Погублен человек. Заплёванные, замусоренные тротуары и переходы в метро. Лица алчные и забитые, сиротливо-озлобленные, с печатью непоправимой, с каждым днём нарастающей, страшной беды. Тесно, невыносимо тесно, как в клетке, темно, как в погребе, в России — стране огромной, превращённой в свалку и пустыню. Жить там стало невозможно, невозможно физически. И душа каменела и болью отзывалась на каждое внешнее впечатление.
Безнадёжность — вот чем была для меня Москва, а с ней и вся Россия. И казалось, что желать остаться в ней могли лишь те, кто не может уехать, кто прикован к ней галерной цепью, кто встал в этой ужасной гавани на мёртвый якорь, на прикол. "О Русь! Тоски ночной и зарубежной я не боюсь... " Не боюсь? Боюсь.
Она пришла — ночная (и дневная), зарубежная тоска. Впрочем, в чем разница? Такой же стол, как в Москве (или чуть другой — какая разница?), кухня такая же или чуть иная — чужая. Но жил я и там в чужих домах, не имел своего много лет — и ничего.
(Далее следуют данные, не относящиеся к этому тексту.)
Definition max_dev_rv : {RV P >-> R} := mfun_Sub (mem_set measurable_max_dev_fun).

Lemma Delta_ccdf :
  Delta P nu X = (\int[lebesgue_measure]_(r in `[0%R, +oo[) ccdf max_dev_rv r)%E.
Proof.
rewrite -ge0_expectation_ccdf; last exact: max_dev_fun_ge0.
by rewrite expectation_def /Delta; apply: eq_integral => w _; rewrite -max_dev_funE.
Qed.

Lemma ccdf_max_dev r : ccdf max_dev_rv r = P (\bigcup_j deviation_gt r j).
Proof.
rewrite -max_dev_fun_gtE /ccdf /distribution /pushforward; congr (P _).
by apply/seteqP; split => w; rewrite /= in_itv /= andbT.
Qed.

End max_deviation.

Section tail_comparison.
Context (R : realType) (mu mut : probability cube R)
  d1 (Omega1 : measurableType d1) (P1 : probability Omega1 R)
  d2 (Omega2 : measurableType d2) (P2 : probability Omega2 R)
  (n : nat) (X : 'I_n -> Omega1 -> cube) (Y : 'I_n -> Omega2 -> cube).
Hypotheses (hnc : neg_correlated mu) (hpv : product_version mu mut).
Hypotheses (hX : iid_sample P1 mu X) (hY : iid_sample P2 mut Y).
Variable r : R.

Lemma mean_product_version j : mean mut j = mean mu j.
Proof. by rewrite /mean !coord_meanE (hpv.2 j (fun b => b)). Qed.

Let up j := count_event X j (above n (mean mu j) r).
Let down j := count_event X j (below n (mean mu j) r).
Let tailX := \bigcup_j deviation_gt mu X r j.

Let mtailX : measurable tailX.
Proof. by apply: bigcupT_measurable => j; exact: measurable_deviation_gt hX _ _. Qed.

Let chung_erdos_tail (U : nat -> set Omega1) J :
  (forall j, measurable (U j)) ->
  (forall i j, i != j -> (P1 (U i `&` U j) <= P1 (U i) * P1 (U j))%E) ->
  (forall j, U j `<=` deviation_gt mu X r j) ->
  (\sum_(j < J) fine (P1 (U j))) / (1 + \sum_(j < J) fine (P1 (U j))) <= fine (P1 tailX).
Proof.
move=> mU U_negcorr U_sub; apply: le_trans (chung_erdos J mU U_negcorr) _.
rewrite -lee_fin !probability_fineK ?inE //; last exact: bigsetU_measurable.
apply: le_measure; rewrite ?inE //; first exact: bigsetU_measurable.
by rewrite -bigcup_mkord => w [j _ /U_sub ?]; exists j.
Qed.

Lemma tail_le_partial J :
  (P2 (\big[setU/set0]_(j < J) deviation_gt mut Y r j) <= 4%:E * P1 tailX)%E.
Proof.
have mup j : measurable (up j) := measurable_count_event hX _ _.
have mdown j : measurable (down j) := measurable_count_event hX _ _.
have negcorr_up i j : i != j -> (P1 (up i `&` up j) <= P1 (up i) * P1 (up j))%E.
  move=> /eqP ij; apply: (count_events_negcorr hX hnc ij).
  by left; split; apply: upward_closed_above.
have negcorr_down i j : i != j -> (P1 (down i `&` down j) <= P1 (down i) * P1 (down j))%E.
  move=> /eqP ij; apply: (count_events_negcorr hX hnc ij).
  by right; split; apply: downward_closed_below.
have dev_up j : up j `<=` deviation_gt mu X r j by rewrite deviation_gtE => w; left.
have dev_down j : down j `<=` deviation_gt mu X r j by rewrite deviation_gtE => w; right.
have tailY_le : (P2 (\big[setU/set0]_(j < J) deviation_gt mut Y r j) <=
    \sum_(j < J) (P1 (up j) + P1 (down j)))%E.
  apply: le_trans (Boole_inequality P2 _) _ => [j _|].
    exact: measurable_deviation_gt hY _ _.
  apply: lee_sum => j _; rewrite deviation_gtE mean_product_version.
  rewrite -!(count_event_marginal _ hY hX (fun t => hpv.2 j [set t])).
  by apply: measureU2; exact: measurable_count_event hY _ _.
have mtailY : measurable (\big[setU/set0]_(j < J) deviation_gt mut Y r j).
  by apply: bigsetU_measurable => j _; exact: measurable_deviation_gt hY _ _.
rewrite -(probability_fineK P2 mtailY) -(probability_fineK P1 mtailX) -EFinM lee_fin.
apply: (le4_of_ratio_bounds _ _ _ _ (chung_erdos_tail J mup negcorr_up dev_up)
  (chung_erdos_tail J mdown negcorr_down dev_down)).
- by apply: sumr_ge0 => j _; exact/fine_ge0/measure_ge0.
- by apply: sumr_ge0 => j _; exact/fine_ge0/measure_ge0.
- by rewrite -lee_fin probability_fineK // probability_le1.
rewrite -lee_fin probability_fineK // EFinD -!sumEFin -big_split /=.
rewrite (eq_bigr (fun j : 'I_J => (P1 (up j) + P1 (down j))%E)) // => j _.
by rewrite probability_fineK ?probability_fineK.
Qed.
Наш дом в Москве последние месяцы клубился людьми — друзьями, какими-то неясными партнёрами в переговорах, посетителями всякого рода. Привычно, как выломанный, щербатый паркет, вызывающе облупленный, распустившийся бутоном штукатурки кухонный потолок, собака и кошка, все наше милое, поднадоевшее житьё-бытьё. И страшно было временами все это утерять — дом, кров, ночлег. И ясно было, что — не удержать, что потеря будет непременно, так или иначе, но она произойдёт.
И мы ринулись в страшную и безоглядную — экспедицию на Запад — бегство — не от себя, а к неизбежности, ускоряя её, как неотвратимость, делавшую невозможными долговременные проекты, срывавшую с места ещё когда было именно это (теперь уже — то) место. Наше место под солнцем, которое, впрочем, редкость (не место, а солнце) в отчаявшейся хоть как-то наладить жизнь, захваченной беженцами и бандитами Москве.
Как странно — говорить о России: "там". Не . манящий, благополучный, глянцевито сверкающий, Запад — "там", а Москва, Россия, вся наша жизнь, — свёрнутая в неряшливый комок воспоминаний, острыми , углами ранящая душу.
Плохого в нашей жизни не было. Страшна была страна, зверевшая от года к году — да так, что и продыху не давала, заполняя все лазейки и траншеи, чтоб никуда не ушёл от неё человек. Россия — ловушка, гигантский магнит, страна инфернальная и безумная, которую нельзя забыть, вычеркнуть из памяти — или можно, но только не мне.